On 25 May 2008 Licciardello and Craig Reucassel were guests on channel Ten's Rove. Their interview concluded with the '20 Bucks in 20 Seconds' segment. When Rove McManus asked the only question that is asked to every guest, "Who would you turn gay for?", Chas responded in annoyance that everyone answered "I'd turn gay for you, Rove" but that nobody ever followed up on it. He then leapt on Rove and French kissed him, before licking Rove on the face.

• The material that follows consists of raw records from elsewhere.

(* Let $m\ge1$ and let $H_{2m}$ be as in the context with $\zeta=1$, i.e. $h(w,w')=1-4ww'$. Then for all $w_1,\ldots,w_{2m}$ at which the expression is defined, \[ H_{2m}(w_1,\ldots,w_{2m})=2^{m(m-1)} . \]
   Context: For a parameter $\zeta$, $h(w,w')=1-(3+\zeta^2)ww'+(1-\zeta^2)ww'(w+w')$ and \[ H_{2m}(w_1,\ldots,w_{2m})=\frac{\prod_{i=1}^m\prod_{j=m+1}^{2m}h(w_i,w_j)}{\prod_{1\le i<j\le m}(w_i-w_j)\prod_{m+1\le i<j\le 2m}(w_i-w_j)}\ \det_{1\le i\le m,\ m+1\le j\le 2m}\frac{1}{h(w_i,w_j)}. \] *)

From HB Require Import structures.
From mathcomp Require Import all_boot all_order all_algebra.
Set Implicit Arguments. Unset Strict Implicit. Unset Printing Implicit Defensive.
Import Order.TTheory GRing.Theory Num.Theory.
Local Open Scope ring_scope.

Definition hzeta (R : ringType) (zeta w w' : R) : R :=
  1 - (3 + zeta ^+ 2) * w * w' + (1 - zeta ^+ 2) * w * w' * (w + w').

(* Variables w_1..w_{2m} are encoded as w : 'I_(m + m) -> R;
   w_i (1 <= i <= m) is w (lshift m (i-1)), w_{m+j} is w (rshift m (j-1)). *)
Definition H2m (R : fieldType) (zeta : R) (m : nat) (w : 'I_(m + m) -> R) : R :=
  (\prod_(i < m) \prod_(j < m) hzeta zeta (w (lshift m i)) (w (rshift m j)))
  / ((\prod_(i < m) \prod_(j < m | (i < j)%N) (w (lshift m i) - w (lshift m j)))
     * (\prod_(i < m) \prod_(j < m | (i < j)%N) (w (rshift m i) - w (rshift m j))))
  * \det (\matrix_(i < m, j < m) (hzeta zeta (w (lshift m i)) (w (rshift m j)))^-1).

From HB Require Import structures.
From mathcomp Require Import all_boot all_order all_algebra.
From mathcomp Require Import ring zify.
Import Order.TTheory GRing.Theory Num.Theory.
Set Implicit Arguments. Unset Strict Implicit.
Local Open Scope ring_scope.

(* At zeta = 1 the kernel is h(w,w') = 1 - 4 w w', so the determinant in
   H_{2m} is a Cauchy-type determinant det (1 / (1 - d^2 x_i y_j)) with d = 2.
   Over any field, for values x, y with all kernel entries nonzero,
     det (1 / (1 - d^2 x_i y_j)) * prod_{i,j} (1 - d^2 x_i y_j)
       = d^(n(n-1)) * prod_{i<j} (x_i - x_j) * prod_{i<j} (y_i - y_j).
   We prove this by induction on n: a first-pivot Schur complement formula
   for determinants reduces det M to the pivot times the determinant of the
   Schur complement, and for a Cauchy matrix that complement is again a
   Cauchy matrix (on the remaining points) rescaled by two diagonal matrices.
   The main theorem then follows by identifying H_{2m} at zeta = 1 with the
   Cauchy data of the two halves of w and cancelling the (nonzero)
   Vandermonde products. *)

Lemma det_schur_pivot (R : fieldType) n (M : 'M[R]_(1 + n)) : M 0 0 != 0 ->
  \det M = M 0 0 * \det (drsubmx M - (M 0 0)^-1 *: (dlsubmx M *m ursubmx M)).
Proof.
set a := M 0 0 => a_neq0.
have ul_scalar : ulsubmx M = a%:M.
  by apply/matrixP => i j; rewrite !ord1 !mxE /=; congr (M _ _); apply/val_inj.
pose L : 'M[R]_(1 + n) := block_mx 1%:M 0 (- a^-1 *: dlsubmx M) 1%:M.
have LM_ublock : L *m M = block_mx (ulsubmx M) (ursubmx M) 0
                   (drsubmx M - a^-1 *: (dlsubmx M *m ursubmx M)).
  rewrite /L -{2}(submxK M) mulmx_block !mul1mx !mul0mx !addr0 ?add0r.
  congr block_mx; last by rewrite -scalemxAl scaleNr addrC.
  by rewrite ul_scalar -scalemxAl mul_mx_scalar scalerA mulNr mulVf // scaleN1r addNr.
have := congr1 determinant LM_ublock.
by rewrite det_mulmx det_lblock det_ublock !det1 !mul1r ul_scalar det_scalar1.
Qed.

Section CauchyDeterminant.
Variables (R : fieldType) (d : R).

Definition ckernel (a b : R) := 1 - d ^+ 2 * a * b.

Definition vdm n (x : 'I_n -> R) := \prod_(i < n) \prod_(j < n | (i < j)%N) (x i - x j).

Definition kprod n (x y : 'I_n -> R) := \prod_(i < n) \prod_(j < n) ckernel (x i) (y j).

Definition cauchy_mx n (x y : 'I_n -> R) : 'M[R]_n :=
  \matrix_(i, j) (ckernel (x i) (y j))^-1.

Lemma vdm_neq0 n (x : 'I_n -> R) :
  (forall i j, i != j -> x i != x j) -> vdm x != 0.
Proof.
move=> x_inj; apply/prodf_neq0 => i _; apply/prodf_neq0 => j lt_ij.
by rewrite subr_eq0 x_inj // neq_ltn lt_ij.
Qed.

Lemma vdm_recl n (x : 'I_n.+1 -> R) :
  vdm x = \prod_(j < n) (x ord0 - x (lift ord0 j)) * vdm (x \o lift ord0).
Proof.
rewrite /vdm big_ord_recl; congr (_ * _).
  by rewrite big_mkcond big_ord_recl /= mul1r.
apply: eq_bigr => i _; rewrite big_mkcond big_ord_recl /= mul1r [RHS]big_mkcond.
by apply: eq_bigr => j _; rewrite /= /bump !add1n ltnS.
Qed.

Lemma kprod_recl n (x y : 'I_n.+1 -> R) :
  kprod x y = ckernel (x ord0) (y ord0)
    * (\prod_(j < n) ckernel (x ord0) (y (lift ord0 j)))
    * (\prod_(i < n) ckernel (x (lift ord0 i)) (y ord0))
    * kprod (x \o lift ord0) (y \o lift ord0).
Proof.
rewrite /kprod big_ord_recl big_ord_recl -!mulrA; congr (_ * (_ * _)).
by rewrite -big_split; apply: eq_bigr => i _; rewrite big_ord_recl.
Qed.

(* The scalar identity behind the Cauchy determinant: eliminating with the
   pivot 1/h(x0,y0) turns the entry 1/h(xi,yj) into a rank-one rescaling. *)
Lemma ckernel_elim (x0 y0 xi yj : R) :
    ckernel xi y0 != 0 -> ckernel x0 yj != 0 -> ckernel xi yj != 0 ->
  (ckernel xi yj)^-1 - ckernel x0 y0 * ((ckernel xi y0)^-1 * (ckernel x0 yj)^-1)
  = d ^+ 2 * (x0 - xi) / ckernel xi y0 * (ckernel xi yj)^-1
    * ((y0 - yj) / ckernel x0 yj).
Proof. by rewrite /ckernel => h1 h2 h3; field; rewrite h1 h2 h3. Qed.

Section Step.
Variables (n : nat) (x y : 'I_n.+1 -> R).
Hypothesis kernel_neq0 : forall i j, ckernel (x i) (y j) != 0.

Let x' := x \o lift ord0.
Let y' := y \o lift ord0.

Lemma cauchy_mx_schur (M : 'M[R]_(1 + n)) : M = cauchy_mx x y ->
  drsubmx M - (M 0 0)^-1 *: (dlsubmx M *m ursubmx M)
  = diag_mx (\row_i (d ^+ 2 * (x ord0 - x' i) / ckernel (x' i) (y ord0)))
    *m cauchy_mx x' y'
    *m diag_mx (\row_j ((y ord0 - y' j) / ckernel (x ord0) (y' j))).
Proof.
move=> ->; rewrite mul_diag_mx mul_mx_diag; apply/matrixP => i j.
rewrite !mxE big_ord1 !mxE invrK /= !rshift1.
have -> : lshift n (0 : 'I_1) = ord0 by apply/val_inj.
by rewrite ckernel_elim.
Qed.

End Step.

Lemma det_cauchy_mx n (x y : 'I_n -> R) :
    (forall i j, ckernel (x i) (y j) != 0) ->
  \det (cauchy_mx x y) * kprod x y = d ^+ (n * (n - 1)) * (vdm x * vdm y).
Proof.
elim: n x y => [|n IH] x y kernel_neq0.
  by rewrite det_mx00 /kprod /vdm !big_ord0 !mulr1.
set x' := x \o lift ord0; set y' := y \o lift ord0.
have pivot_neq0 : cauchy_mx x y 0 0 != 0 by rewrite mxE invr_eq0.
rewrite (det_schur_pivot pivot_neq0) (cauchy_mx_schur kernel_neq0 (erefl _)).
rewrite !det_mulmx !det_diag kprod_recl !vdm_recl mxE.
have prod_row (F : 'I_n -> R) : \prod_i (\row_j F j) 0 i = \prod_i F i.
  by apply: eq_bigr => i _; rewrite mxE.
rewrite !prod_row !prodf_div big_split /= prodr_const card_ord.
have col_neq0 : \prod_(i < n) ckernel (x' i) (y ord0) != 0.
  by apply/prodf_neq0 => i _; apply: kernel_neq0.
have row_neq0 : \prod_(j < n) ckernel (x ord0) (y' j) != 0.
  by apply/prodf_neq0 => j _; apply: kernel_neq0.
have := IH x' y' (fun i j => kernel_neq0 _ _).
set Vx := vdm x'; set Vy := vdm y' => IHxy.
have -> : (n.+1 * (n.+1 - 1) = 2 * n + n * (n - 1))%N by case: (n) => [|k]; nia.
set Ax := \prod_(j < n) (x ord0 - _); set Ay := \prod_(j < n) (y ord0 - _).
rewrite exprD exprM.
rewrite [RHS](_ : _ = d ^+ 2 ^+ n * Ax * Ay * (d ^+ (n * (n - 1)) * (Vx * Vy))).
  by rewrite -IHxy; field; rewrite col_neq0 row_neq0 kernel_neq0.
by ring.
Qed.

End CauchyDeterminant.

Lemma hzeta1_ckernel (R : fieldType) (a b : R) : hzeta 1 a b = ckernel 2 a b.
Proof. by rewrite /hzeta /ckernel; ring. Qed.

Lemma H2m1_cauchy (R : fieldType) m (w : 'I_(m + m) -> R) :
  let x := w \o lshift m in let y := w \o @rshift m m in
  H2m 1 w = kprod 2 x y / (vdm x * vdm y) * \det (cauchy_mx 2 x y).
Proof.
rewrite /H2m /kprod /cauchy_mx; congr (_ * _ * _).
  by apply: eq_bigr => i _; apply: eq_bigr => j _; rewrite hzeta1_ckernel.
by congr (\det _); apply/matrixP => i j; rewrite !mxE hzeta1_ckernel.
Qed.

Theorem mainTheorem9 (R : numClosedFieldType) (m : nat) (hm : (0 < m)%N)
    (w : 'I_(m + m) -> R)
    (hdistL : forall i j : 'I_m, i != j -> w (lshift m i) != w (lshift m j))
    (hdistR : forall i j : 'I_m, i != j -> w (rshift m i) != w (rshift m j))
    (hnz : forall i j : 'I_m, hzeta 1 (w (lshift m i)) (w (rshift m j)) != 0) :
  H2m 1 w = 2 ^+ (m * (m - 1)).
Proof.
rewrite H2m1_cauchy /=.
have kernel_neq0 i j : ckernel 2 (w (lshift m i)) (w (rshift m j)) != 0.
  by rewrite -hzeta1_ckernel.
have := det_cauchy_mx kernel_neq0.
have := vdm_neq0 hdistL; have := vdm_neq0 hdistR.
set K := kprod _ _ _; set D := \det _ => Vy_neq0 Vx_neq0 cauchy_formula.
rewrite mulrAC [K * D]mulrC cauchy_formula.
by field; rewrite Vx_neq0 Vy_neq0.
Qed.
Lemma potentially_inner_of_wPhi (F : catAut inC) :
  wPhi A0 x0 F = x0 -> potentially_inner F.
Proof.
move=> w_x0; exists (smain A0 x0 F); split; first exact: smain_bijective.
by move=> A B mu; exact: smain_natural.
Qed.

End Automorphisms.

Theorem proposition2
  (ops : Type) (ar : ops -> nat) (E : term ar nat -> term ar nat -> Prop)
  (inC : freeAlg E -> Prop) (A0 : Obj inC) (x0 : car A0)
  (hA0n : fa_n (sval A0) = 1)
  (hA0b : forall i : 'I_(fa_n (sval A0)), fa_basis i = x0)
  (Phi : catAut inC) :
  (forall (A : Obj inC) (a : car A),
      cPhi A0 x0 Phi A a = alpha A0 A a (wPhi A0 x0 Phi) /\
      in_subalg (fa (sval A)) a (cPhi A0 x0 Phi A a)) /\
  (wPhi A0 x0 Phi = x0 ->
      (forall (A : Obj inC) (a : car A), cPhi A0 x0 Phi A a = a) /\
      potentially_inner Phi).
Proof.
split=> [A a | w_x0].
  rewrite (cPhi_alpha hA0n hA0b); split=> //; exact: alpha_in_subalg hA0n hA0b A a _.
split; first exact: cPhi_id hA0n hA0b Phi w_x0.
exact: potentially_inner_of_wPhi hA0n hA0b Phi w_x0.
Qed.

In 2009, for a stunt featured in the series finale of The Chaser's War on Everything, he received heavy dosage's of botox, lip injections and spray tanning on the left side of his body so as to bear a similarity to Daniel Craig. The amount of botox was so heavy that it lasted until he made his appearance on The 7pm Project, over three months after the botox was injected into the right side of his face.

==Personal life==
He is married to Dr Jocelyn Laurence, formerly a research analyst at Foster Stockbroking, and they have two daughters. In 2007, he lived in Croydon Park, in the inner west of Sydney.

Chas is also a supporter of the Western Bulldogs Football Club in the Australian Football League. Despite growing up in New South Wales, which is predominantly rugby league heartland, Licciardello decided to follow the AFL as it "annoyed his father".